You learn how to query Hive tables from the command line of your cluster. Before attempting to run queries, you must meet a few prerequisites.

  • You have SSH access to the command line of the cluster.
  • As administrator, you set up a Ranger policy for running SQL queries.
  1. In Environment, accept the default environment or select another environment.
  2. Click All Services.
  3. Click Connect to Hive.
  4. Copy the JDBC String URL.
  5. Connect to the gateway node of the cluster using SSH.
  6. On the command line of the cluster, start Beeline.
    For example:
    $ beeline
  7. At the Beeline prompt, enter ! connect, a space, and then paste the JDBC String URL.
    ! connect jdbc:hive2://demodh-manager0.cdpsaasd.eu55-rsdu.cloudera.site/;ssl=true;transportMode=http;httpPath=demodh/cdp-proxy-api/hive
  8. At the username prompt enter your workload user name, and then enter your workload password.
    The Hive prompt appears when the connection succeeds:
    Connected to: Apache Hive (version 3.1.3000.7.2.12.4-1)
    Driver: Hive JDBC (version 3.1.3000.7.2.12.4-1)

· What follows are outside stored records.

Lemma crossing_weight_col_mapR C a c : is_coloring opX D C ->
  crossing_weight phi D (col_map (opX^~ a) C) c =
  (crossing_weight phi D C c * passage_factor C a (gd_under D c))%g.
Proof.
move=> /forallP colC; rewrite /crossing_weight /passage_factor !ffunE.
have /andP[_] := colC c.
case: (gd_sign D c) => /eqP colC_u; rewrite cocycle_shift -colC_u.
  by rewrite (mulgC (phi _ a)^-1) -mulgA (mulgC (phi _ a)^-1).
by rewrite !invMg invgK [LHS]mulgC -mulgA.
Qed.

Lemma prod_passage_factor C a i :
  \big[mulL/1%g]_(0 <= p < i) passage_factor C a p =
  (phi (C (inord i)) a * (phi (C (inord 0)) a)^-1)%g.
Proof.
elim: i => [|i IHi]; first by rewrite big_geq // mulgV.
by rewrite big_nat_recr //= IHi /passage_factor /comm_mulg [LHS]mulgC -mulgA mulKg.
Qed.

Lemma weight_col_mapR C a : is_coloring opX D C -> top_col C = bot_col C ->
  weight phi D (col_map (opX^~ a) C) = weight phi D C.
Proof.
move=> colC top_bot.
have under_passage (p : 'I_(2 * n)) :
    under_prod D mulL (fun c => passage_factor C a (gd_under D c)) p =
    passage_factor C a p.
  have [[c|c] <-] := gd_pass_surj gd_pass_inj p; first by rewrite under_prod_under.
  rewrite under_prod_over // /passage_factor.
  by have /forallP/(_ c)/andP[/eqP -> _] := colC; rewrite mulgV.
have passage_prod : \big[mulL/1%g]_(c < n) passage_factor C a (gd_under D c) = 1%g.
  rewrite (big_under_prod D) (eq_bigr _ (fun p _ => under_passage p)).
  rewrite -(big_mkord xpredT) prod_passage_factor.
  rewrite inord_max inord0.
  by move: top_bot; rewrite /top_col /bot_col => ->; rewrite mulgV.
rewrite !weightE; under eq_bigr do rewrite crossing_weight_col_mapR //.
by rewrite big_split /= passage_prod /comm_mulg mulg1.
Qed.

    Transaction isolation: TRANSACTION_REPEATABLE_READ
    0: jdbc:hive2://demodh-manager0.cdpsaasd.eu55>
  9. Run Hive queries.
    For example:
    show databases;           
    The output looks something like this:
    +--------------------------------------+
    |            database_name             |
    +--------------------------------------+
    | airlines_demo                        |                          
    | default                              |                             
    | information_schema                   |                           
    | sys                                  |
    +--------------------------------------+
  10. Query the airlines_demo data:
    For example:
    USE airlines_demo;
    
    SELECT f.month, a.iata, a.airport, a.city, a.state, a.country
    FROM flights f,
    airports a
    WHERE f.origin = a.iata
    GROUP BY 
    f.month,
    a.iata,
    a.airport,
    a.city,
    a.state,
    a.country
    HAVING COUNT(*) > 10000
    ORDER BY AVG(f.DepDelay) DESC
    LIMIT 10;
    The output looks something like this:
    +----------+---------+---------------------------+---------------+----------+------------+
    | f.month  | a.iata  |             a.airport     |    a.city     | a.state  | a.country  |
    +----------+---------+---------------------------+---------------+----------+------------+
    | 12       | ORD     | Chicago O'Hare            | Chicago       | NULL     | USA        |
    | 6        | EWR     | Newark Intl               | Newark        | NULL     | USA        |
    | 7        | JFK     | John F Kennedy Intl       | New York      | NULL     | USA        |
    | 6        | IAD     | Washington Dulles         | Chantilly     | NULL     | USA        |
    | 7        | EWR     | Newark Intl               | Newark        | NULL     | USA        |
    | 6        | PHL     | Philadelphia Intl         | Philadelphia  | NULL     | USA        |
    | 1        | ORD     | Chicago O'Hare            | Chicago       | NULL     | USA        |
    | 6        | ORD     | Chicago O'Hare            | Chicago       | NULL     | USA        |
    | 7        | ATL     | William B Hartsfield-Atlanta | Atlanta       | NULL     | USA     |
    | 12       | MDW     | Chicago Midway               | Chicago       | NULL     | USA     |
    +----------+---------+------------------------------+---------------+----------+---------+
    10 rows selected (103.812 seconds)